(Saved entries)
▼
Ltac congruence_rt :=
  intros;
  unfold redAB', redABc', redB', redBc', stepAB', stepABc',
    stepA', stepB', stepAc', stepBc' in *;
  match goal with H : clos_refl_trans _ _ _ _ |- _ =>
    refine (rt_map _ _ _ _ _ _ H);
    first [ intros ? ? [? | ?]; [left | right]; constructor; assumption
          | intros; constructor; assumption ]
  end.

Lemma redAB_lam t u : redAB' t u -> redAB' (lam t) (lam u). Proof. congruence_rt. Qed.
Lemma redAB_appl t u s : redAB' t u -> redAB' (app t s) (app u s). Proof. congruence_rt. Qed.
Lemma redAB_appr t u s : redAB' t u -> redAB' (app s t) (app s u). Proof. congruence_rt. Qed.
Lemma redAB_mu c d : redABc' c d -> redAB' (mu c) (mu d). Proof. congruence_rt. Qed.
Lemma redAB_succ t u : redAB' t u -> redAB' (succ t) (succ u). Proof. congruence_rt. Qed.
Lemma redAB_nrec1 t u s v : redAB' t u -> redAB' (nrec t s v) (nrec u s v).
Proof. congruence_rt. Qed.
Lemma redAB_nrec2 t u s v : redAB' t u -> redAB' (nrec s t v) (nrec s u v).
Proof. congruence_rt. Qed.
Lemma redAB_nrec3 t u s v : redAB' t u -> redAB' (nrec s v t) (nrec s v u).
Proof. congruence_rt. Qed.
Lemma redABc_named a t u : redAB' t u -> redABc' (named a t) (named a u).
Proof. congruence_rt. Qed.

Lemma redB_lam t u : redB' t u -> redB' (lam t) (lam u). Proof. congruence_rt. Qed.
Lemma redB_appl t u s : redB' t u -> redB' (app t s) (app u s). Proof. congruence_rt. Qed.
Lemma redB_appr t u s : redB' t u -> redB' (app s t) (app s u). Proof. congruence_rt. Qed.
Lemma redB_mu c d : redBc' c d -> redB' (mu c) (mu d). Proof. congruence_rt. Qed.
Lemma redB_succ t u : redB' t u -> redB' (succ t) (succ u). Proof. congruence_rt. Qed.
Lemma redB_nrec1 t u s v : redB' t u -> redB' (nrec t s v) (nrec u s v).
Proof. congruence_rt. Qed.
Lemma redB_nrec2 t u s v : redB' t u -> redB' (nrec s t v) (nrec s u v).
Proof. congruence_rt. Qed.
Lemma redB_nrec3 t u s v : redB' t u -> redB' (nrec s v t) (nrec s v u).
Proof. congruence_rt. Qed.
Lemma redBc_named a t u : redB' t u -> redBc' (named a t) (named a u).
Proof. congruence_rt. Qed.

Lemma redAB_plug E u v : redAB' u v -> redAB' (plug E u) (plug E v).
Proof. induction E; simpl; auto using redAB_appl, redAB_succ, redAB_nrec3. Qed.

Lemma stepA_plug E u v : stepA' u v -> stepA' (plug E u) (plug E v).
Proof.
  unfold stepA'; induction E; simpl; intros; auto;
    [apply c_appl | apply c_succ | apply c_nrec3]; auto.
Qed.

Lemma A_AB t u : stepA' t u -> redAB' t u.
Proof. intros; apply rt_step; left; assumption. Qed.
Lemma B_AB t u : stepB' t u -> redAB' t u.
Proof. intros; apply rt_step; right; assumption. Qed.
Lemma Bc_ABc c d : stepBc' c d -> redABc' c d.
Proof. intros; apply rt_step; right; assumption. Qed.
Lemma redB_AB t u : redB' t u -> redAB' t u.
Proof.
  induction 1; [apply B_AB | apply rt_refl | eapply rt_trans]; eassumption.
Qed.

Lemma ren_stepB :
  (forall t u, stepB' t u -> forall xi, stepB' (ren xi t) (ren xi u)) /\
  (forall c d, stepBc' c d -> forall xi, stepBc' (ren_c xi c) (ren_c xi d)).
Proof.
  unfold stepB', stepBc'; apply compat_mind; intros; simpl;
    try (constructor; auto; fail).
  - destruct H; simpl. rewrite (proj1 ren_mren). do 2 constructor.
  - destruct H; simpl. rewrite (proj2 ren_mren). do 2 constructor.
Qed.

Lemma mren_stepB :
  (forall t u, stepB' t u -> forall z, stepB' (mren z t) (mren z u)) /\
  (forall c d, stepBc' c d -> forall z, stepBc' (mren_c z c) (mren_c z d)).
Proof.
  unfold stepB', stepBc'; apply compat_mind; intros; simpl;
    try (constructor; auto; fail).
  - destruct H; simpl. rewrite (proj1 mren_mren).
    change (fun n => up_ren z (S n)) with (fun n => S (z n)).
    rewrite <- (proj1 mren_mren t S z). do 2 constructor.
  - destruct H; simpl. rewrite (proj2 mren_mren c z (rename_top a)).
    replace (fun n => z (rename_top a n)) with (fun n => rename_top (z a) (up_ren z n))
      by (extensionality n; destruct n; reflexivity).
    rewrite <- (proj2 mren_mren c (rename_top (z a)) (up_ren z)). do 2 constructor.
Qed.

Lemma lsub_stepB :
  (forall t u, stepB' t u -> forall s, stepB' (lsub s t) (lsub s u)) /\
  (forall c d, stepBc' c d -> forall s, stepBc' (lsub_c s c) (lsub_c s d)).
Proof.
  unfold stepB', stepBc'; apply compat_mind; intros; simpl;
    try (constructor; auto; fail).
  - destruct H; simpl. rewrite <- (proj1 mren_lsub). do 2 constructor.
  - destruct H; simpl.
    replace (lsub_c s (mren_c (rename_top a) c))
      with (mren_c (rename_top a) (lsub_c (fun n => mren S (s n)) c)).
    + do 2 constructor.
    + rewrite (proj2 mren_lsub). f_equal. extensionality n.
      rewrite (proj1 mren_mren). apply (proj1 mren_id).
Qed.

Lemma ren_redB xi t u : redB' t u -> redB' (ren xi t) (ren xi u).
Proof. apply rt_map. intros; apply ren_stepB; assumption. Qed.

Lemma mren_redB z t u : redB' t u -> redB' (mren z t) (mren z u).
Proof. apply rt_map. intros; apply mren_stepB; assumption. Qed.

Lemma lsub_redB :
  (forall t s s', (forall n, redB' (s n) (s' n)) -> redB' (lsub s t) (lsub s' t)) /\
  (forall c s s', (forall n, redB' (s n) (s' n)) -> redBc' (lsub_c s c) (lsub_c s' c)).
Proof.
  apply tm_cmd_ind; intros; simpl; auto; try apply rt_refl.
  - apply redB_lam, H. intros [|n]; simpl; [apply rt_refl | apply ren_redB; auto].
  - eapply rt_trans; [apply redB_appl; eauto | apply redB_appr; eauto].
  - apply redB_mu, H. intros; apply mren_redB; auto.
  - apply redB_succ; eauto.
  - eapply rt_trans; [apply redB_nrec1; eauto |].
    eapply rt_trans; [apply redB_nrec2; eauto | apply redB_nrec3; eauto].
  - apply redBc_named; eauto.
Qed.

Lemma beta_sub_redB r r' : redB' r r' -> forall n, redB' (beta_sub 0 r n) (beta_sub 0 r' n).
Proof. intros H [|n]; simpl; [assumption | apply rt_refl]. Qed.
Lemma sum_deg_le_closed (A : pred V) :
  (forall y, A (p y) -> A y) -> (\sum_(u | A u) deg p r u <= 2 * #|A|)%N.
Proof.
move=> A_closed; rewrite -(leq_add2r (\sum_(u | A u) (u != r))).
rewrite sum_deg_handshake leq_add2l [X in (_ <= X)%N]big_mkcond /=.
apply: leq_sum => y _; have [/A_closed->|] := boolP (A (p y)); first by [].
by case: (A y).
Qed.

End RootedTree.

Local Open Scope ring_scope.

Section TreePotential.
Variables (R : numDomainType) (V : finType) (p : V -> V) (r : V).
Hypothesis tree : rooted_tree p r.
Variable w : V -> R.

Definition subtree_weight (z : V) : R := \sum_(u | fconnect p u z) w u.

Definition tree_potential (x : V) : R :=
  \sum_(z | (z != r) && fconnect p x z) subtree_weight z.

Lemma subtree_weight_root : subtree_weight r = \sum_u w u.
Proof. by apply: eq_bigl => u; case: tree => _ ->. Qed.

Lemma sum_children_subtree_weight x :
  \sum_(y | is_child p x y) subtree_weight y = subtree_weight x - w x.
Proof.
rewrite /subtree_weight (exchange_big_dep predT) //=.
have inner u : \sum_(y | is_child p x y && fconnect p u y) w u =
    w u *+ (fconnect p u x && (u != x)).
  rewrite -(count_children_on_path tree) -sumrMnr big_mkcond.
  by apply: eq_bigr => y _; case: (_ && _).
rewrite (eq_bigr _ (fun u _ => inner u)) [in RHS](bigD1 x) ?connect0 //=.
rewrite [RHS]addrC addKr.
rewrite [RHS]big_mkcond; apply: eq_bigr => u _.
by case: (_ && _).
Qed.

Lemma tree_potential_child x y :
  is_child p x y -> tree_potential y = tree_potential x + subtree_weight y.
Proof.
move=> xy; have /andP[/eqP pyx yx] := xy.
have yr : y != r by apply: contra_neq yx => yr; rewrite -pyx yr parent_root.
rewrite /tree_potential (bigD1 y) ?yr ?connect0 //= addrC; congr (_ + _).
apply: eq_bigl => z; rewrite fconnect_eqVf pyx [y == z]eq_sym.
have [->|_] := eqVneq z y; last by rewrite andbT.
by rewrite andbF (negbTE (child_not_ancestor tree xy)) andbF.
Qed.

Lemma tree_potential_drift x :
  \sum_y (adj p r x y)%:R * (tree_potential y - tree_potential x) =
  (x == r)%:R * \sum_u w u - w x.
Proof.
have loop0 y :
    (((x == r) && (y == r)).*2)%:R * (tree_potential y - tree_potential x) = 0.
  case: (x =P r) => [->|_]; case: (y =P r) => [->|_] /=;
  by rewrite ?subrr ?mulr0 ?mul0r.
have child_step y :
    (is_child p x y)%:R * (tree_potential y - tree_potential x) =
    if is_child p x y then subtree_weight y else 0.
  case: ifP => [/tree_potential_child->|_]; last by rewrite mul0r.
  by rewrite addrC addKr mul1r.
rewrite (eq_bigr _ (fun y _ => congr1 (fun n => n%:R * _) (adjE tree x y))).
under eq_bigr => y _ do rewrite !natrD !mulrDl loop0 addr0 child_step.
rewrite big_split /= -big_mkcond sum_children_subtree_weight.
rewrite (bigD1 (p x)) //= big1 ?addr0 => [|y /negbTE->]; last by rewrite mul0r.
have [->|xr] := eqVneq x r.
  by rewrite andbF mul0r add0r mul1r subtree_weight_root.
have xpx : is_child p (p x) x.
  by rewrite /is_child eqxx eq_sym (parent_fixed tree).
rewrite eqxx /= mul1r mul0r (tree_potential_child xpx); ring.
Qed.

Lemma tree_potential_norm_le x :
  `|tree_potential x| <= #|V|%:R * \sum_u `|w u|.
Proof.
have sum_filter_le (P : pred V) (F : V -> R) :
    (forall z, 0 <= F z) -> \sum_(z | P z) F z <= \sum_z F z.
  move=> F_ge0; rewrite big_mkcond ler_sum // => z _.
  by case: (P z); rewrite ?F_ge0.
have subtree_le z : `|subtree_weight z| <= \sum_u `|w u|.
  apply: le_trans (ler_norm_sum _ _ _) _.
  exact: sum_filter_le (fun _ => normr_ge0 _).
apply: le_trans (ler_norm_sum _ _ _) _.
apply: le_trans (ler_sum _ (fun z _ => subtree_le z)) _.
rewrite mulr_natl -sumr_const; apply: sum_filter_le => _; exact: sumr_ge0.
Qed.

End TreePotential.

Section FfunCons.
Variables (V : finType) (R : nmodType).

Definition ffun_cons n (x : V) (g : {ffun 'I_n -> V}) : {ffun 'I_n.+1 -> V} :=
  [ffun i => if unlift ord0 i is Some j then g j else x].

Lemma ffun_cons0 n x (g : {ffun 'I_n -> V}) : ffun_cons x g ord0 = x.
Proof. by rewrite ffunE unlift_none. Qed.

Lemma ffun_consS n x (g : {ffun 'I_n -> V}) j :
  ffun_cons x g (lift ord0 j) = g j.
Proof. by rewrite ffunE liftK. Qed.

Lemma big_ffun_cons n (F : {ffun 'I_n.+1 -> V} -> R) :
  \sum_(w : {ffun 'I_n.+1 -> V}) F w =
  \sum_(x : V) \sum_(g : {ffun 'I_n -> V}) F (ffun_cons x g).
Proof.
rewrite pair_bigA /= (reindex (fun xg : V * _ => ffun_cons xg.1 xg.2)) //.
exists (fun w : {ffun 'I_n.+1 -> V} => (w ord0, [ffun j => w (lift ord0 j)])).
  move=> [x g] _ /=; rewrite ffun_cons0; congr pair.
  by apply/ffunP => j; rewrite ffunE ffun_consS.
move=> w _; apply/ffunP => i; rewrite ffunE.
by case: (unliftP ord0 i) => [j ->|->]; rewrite ?liftK ?unlift_none // ffunE.
Qed.

Lemma big_ffun_cons_at n (F : {ffun 'I_n.+1 -> V} -> R) x :
  \sum_(w : {ffun 'I_n.+1 -> V} | w ord0 == x) F w =
  \sum_(g : {ffun 'I_n -> V}) F (ffun_cons x g).
Proof.
rewrite big_mkcond big_ffun_cons (bigD1 x) //= [X in _ + X]big1 ?addr0.
  by apply: eq_bigr => g _; rewrite ffun_cons0 eqxx.
by move=> y yx; apply: big1 => g _; rewrite ffun_cons0 (negbTE yx).
Qed.

Lemma big_ffun_ord0 (F : {ffun 'I_0 -> V} -> R) (g0 : {ffun 'I_0 -> V}) :
  \sum_(g : {ffun 'I_0 -> V}) F g = F g0.
Proof. by rewrite (big_pred1 g0) // => g /=; apply/esym/eqP/ffunP => -[]. Qed.

End FfunCons.

Section MarkovChain.
Variables (R : realDomainType) (V : finType) (P : V -> V -> R).

Definition path_weight t (w : {ffun 'I_t.+1 -> V}) : R :=
  \prod_(i < t) P (w (widen_ord (leqnSn t) i)) (w (lift ord0 i)).

Definition occupation (A : pred V) t (w : {ffun 'I_t.+1 -> V}) : nat :=
  #|[set i | A (w i)]|.

Definition expected_occupation (A : pred V) (x : V) t : R :=
  \sum_(w : {ffun 'I_t.+1 -> V} | w ord0 == x)
    path_weight w * (occupation A w)%:R.

Lemma path_weight_ord0 (w : {ffun 'I_1 -> V}) : path_weight w = 1.
Proof. exact: big_ord0. Qed.

Lemma path_weight_cons t x (g : {ffun 'I_t.+1 -> V}) :
  path_weight (ffun_cons x g) = P x (g ord0) * path_weight g.
Proof.
rewrite /path_weight big_ord_recl; congr (_ * _).
  rewrite (_ : widen_ord _ ord0 = ord0) ?ffun_cons0 ?ffun_consS //.
  exact: val_inj.
apply: eq_bigr => i _.
rewrite (_ : widen_ord _ (lift ord0 i) = lift ord0 (widen_ord (leqnSn t) i)).
  by rewrite !ffun_consS.
exact: val_inj.
Qed.

Lemma occupationE (A : pred V) t (w : {ffun 'I_t.+1 -> V}) :
  occupation A w = (\sum_i A (w i))%N.
Proof.
rewrite /occupation -sum1_card big_mkcond /=.
by apply: eq_bigr => i _; rewrite inE; case: (A (w i)).
Qed.

Lemma occupation_ord0 (A : pred V) (w : {ffun 'I_1 -> V}) :
  occupation A w = A (w ord0).
Proof. by rewrite occupationE big_ord_recl big_ord0 addn0. Qed.

Lemma occupation_cons (A : pred V) t x (g : {ffun 'I_t.+1 -> V}) :
  occupation A (ffun_cons x g) = (A x + occupation A g)%N.
Proof.
rewrite !occupationE big_ord_recl ffun_cons0; congr addn.
by apply: eq_bigr => i _; rewrite ffun_consS.
Qed.

Hypothesis P_row_sum1 : forall x, \sum_y P x y = 1.

Lemma sum_first_step t x (F : {ffun 'I_t.+1 -> V} -> R) :
  \sum_(g : {ffun 'I_t.+1 -> V}) P x (g ord0) * F g =
  \sum_y P x y * \sum_(g : {ffun 'I_t.+1 -> V} | g ord0 == y) F g.
Proof.
rewrite (partition_big (fun g : {ffun 'I_t.+1 -> V} => g ord0) predT) //=.
by apply: eq_bigr => y _; rewrite big_distrr; apply: eq_bigr => g /eqP->.
Qed.

Lemma sum_path_weight t x :
  \sum_(w : {ffun 'I_t.+1 -> V} | w ord0 == x) path_weight w = 1.
Proof.
elim: t x => [|t IHt] x.
  by rewrite big_ffun_cons_at (big_ffun_ord0 _ [ffun=> x]) path_weight_ord0.
rewrite big_ffun_cons_at (eq_bigr _ (fun g _ => path_weight_cons x g)).
rewrite sum_first_step -[RHS](P_row_sum1 x).
by apply: eq_bigr => y _; rewrite IHt mulr1.
Qed.

Lemma expected_occupation0 (A : pred V) x :
  expected_occupation A x 0 = (A x)%:R.
Proof.
rewrite /expected_occupation big_ffun_cons_at (big_ffun_ord0 _ [ffun=> x]).
by rewrite path_weight_ord0 occupation_ord0 ffun_cons0 mul1r.
Qed.

Lemma expected_occupationS (A : pred V) x t :
  expected_occupation A x t.+1 =
  (A x)%:R + \sum_y P x y * expected_occupation A y t.
Proof.
rewrite /expected_occupation big_ffun_cons_at.
under eq_bigr => g _ do
  rewrite path_weight_cons occupation_cons natrD -mulrA mulrDr mulrDr.
rewrite big_split /= !sum_first_step; congr (_ + _).
rewrite -[RHS]mulr1 -(P_row_sum1 x) big_distrr /=; apply: eq_bigr => y _.
by rewrite -big_distrl /= sum_path_weight mul1r mulrC.
Qed.

Hypothesis P_ge0 : forall x y, 0 <= P x y.

Lemma expected_occupation_le_drift (A : pred V) (c B : R) (f : V -> R) :
  0 <= c -> (forall x, f x <= B) ->
  (forall x, (A x)%:R - c <= \sum_y P x y * f y - f x) ->
  forall t x, expected_occupation A x t <= t.+1%:R * c + B - f x + 1.
Proof.
move=> c_ge0 f_le drift t; elim: t => [|t IHt] x.
  rewrite expected_occupation0 mul1r.
  have := f_le x; case: (A x) => /=; lra.
set K := t.+1%:R * c + B + 1.
have step : \sum_y P x y * expected_occupation A y t <= K - \sum_y P x y * f y.
  rewrite -[K]mulr1 -(P_row_sum1 x) big_distrr -sumrB /=.
  apply: ler_sum => y _; rewrite [K * _]mulrC -mulrBr ler_wpM2l //.
  by have := IHt y; rewrite /K; lra.
rewrite expected_occupationS -[t.+2]addn1 natrD mulrDl mul1r.
by have := drift x; rewrite /K in step; lra.
Qed.

End MarkovChain.

Section SimpleRandomWalk.
Variables (R : realFieldType) (V : finType) (p : V -> V) (r : V).
Hypothesis tree : rooted_tree p r.

Lemma srw_ge0 x y : 0 <= srw R p r x y.
Proof. by rewrite /srw divr_ge0 ?ler0n. Qed.

Lemma srw_row_sum1 x : \sum_y srw R p r x y = 1.
Proof.
rewrite /srw -big_distrl /= -natr_sum -/(deg p r x) mulfV //.
by rewrite pnatr_eq0 -lt0n (deg_gt0 tree).
Qed.

Lemma srw_drift (f : V -> R) x :
  \sum_y srw R p r x y * f y - f x =
  (deg p r x)%:R^-1 * \sum_y (adj p r x y)%:R * (f y - f x).
Proof.
transitivity (\sum_y srw R p r x y * f y - (\sum_y srw R p r x y) * f x).
  by rewrite srw_row_sum1 mul1r.
rewrite big_distrl -sumrB big_distrr /=.
by apply: eq_bigr => y _; rewrite /srw; ring.
Qed.

Variables (A : pred V) (c : R).
Hypothesis A_closed : forall y, A (p y) -> A y.

Definition occupation_weight (u : V) : R := (deg p r u)%:R * (c - (A u)%:R).

Lemma sum_occupation_weight :
  \sum_u occupation_weight u =
  c * (2 * #|V|)%:R - (\sum_(u | A u) deg p r u)%:R.
Proof.
rewrite -(sum_deg tree) !natr_sum big_distrr [X in _ - X]big_mkcond -sumrB /=.
apply: eq_bigr => u _; rewrite /occupation_weight.
by case: (A u); rewrite /=; ring.
Qed.

Lemma sum_norm_occupation_weight : 0 <= c ->
  \sum_u `|occupation_weight u| <=
  c * (2 * #|V|)%:R + (\sum_(u | A u) deg p r u)%:R.
Proof.
move=> c_ge0; rewrite -(sum_deg tree) !natr_sum big_distrr.
rewrite [X in _ + X]big_mkcond -big_split /=.
apply: ler_sum => u _; rewrite /occupation_weight normrM ger0_norm ?ler0n //.
rewrite [c * _]mulrC; case: (A u) => /=.
  rewrite -[X in _ <= _ + X]mulr1 -mulrDr ler_wpM2l ?ler0n // ler_norml.
  by apply/andP; split; lra.
by rewrite subr0 addr0 ger0_norm.
Qed.

Lemma expected_occupation_srw_le : #|A|%:R <= c * #|V|%:R ->
  forall t x, expected_occupation (srw R p r) A x t <=
    t.+1%:R * c + 4 * #|V|%:R * (c * #|V|%:R + #|A|%:R) + 1.
Proof.
move=> A_le t x; set n := #|V|%:R; set K := #|A|%:R.
set f := tree_potential p r occupation_weight.
have n_gt0 : 0 < n by rewrite ltr0n; apply/card_gt0P; exists r.
have c_ge0 : 0 <= c by rewrite -(pmulr_lge0 _ n_gt0); apply: le_trans A_le.
have degA : (\sum_(u | A u) deg p r u)%:R <= 2 * K.
  by rewrite -natrM ler_nat; apply: sum_deg_le_closed.
have two_cn : c * (2 * #|V|)%:R = 2 * (c * n) by rewrite natrM; ring.
have weight_ge0 : 0 <= \sum_u occupation_weight u.
  by rewrite sum_occupation_weight two_cn; lra.
have weight_norm_le : \sum_u `|occupation_weight u| <= 2 * (c * n + K).
  by apply: le_trans (sum_norm_occupation_weight c_ge0) _; rewrite two_cn; lra.
have f_le y : `|f y| <= n * (2 * (c * n + K)).
  apply: le_trans (tree_potential_norm_le _ _ _ y) _.
  by apply: ler_wpM2l; [exact: ltW | exact: weight_norm_le].
have drift y : (A y)%:R - c <= \sum_z srw R p r y z * f z - f y.
  have deg_gt0 : 0 < (deg p r y)%:R :> R by rewrite ltr0n (deg_gt0 tree).
  have -> : (A y)%:R - c = (deg p r y)%:R^-1 * - occupation_weight y.
    by rewrite /occupation_weight mulrN mulKf ?opprB // lt0r_neq0.
  rewrite srw_drift tree_potential_drift //; apply: ler_wpM2l.
    by rewrite invr_ge0 ltW.
  by have := mulr_ge0 (ler0n _ (y == r)) weight_ge0; lra.
have := expected_occupation_le_drift srw_row_sum1 srw_ge0 c_ge0
  (fun y => le_trans (ler_norm _) (f_le y)) drift t x.
have := f_le x; rewrite -normrN => /(le_trans (ler_norm _)); lra.
Qed.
▲
Using the data above, reproduce exactly the lines between those holding "constructor; assumption ]" and "Lemma redAB_appl t", inclusive, and no others.

          | intros; constructor; assumption ]
  end.

Lemma redAB_lam t u : redAB' t u -> redAB' (lam t) (lam u). Proof. congruence_rt. Qed.
Lemma redAB_appl t u s : redAB' t u -> redAB' (app t s) (app u s). Proof. congruence_rt. Qed.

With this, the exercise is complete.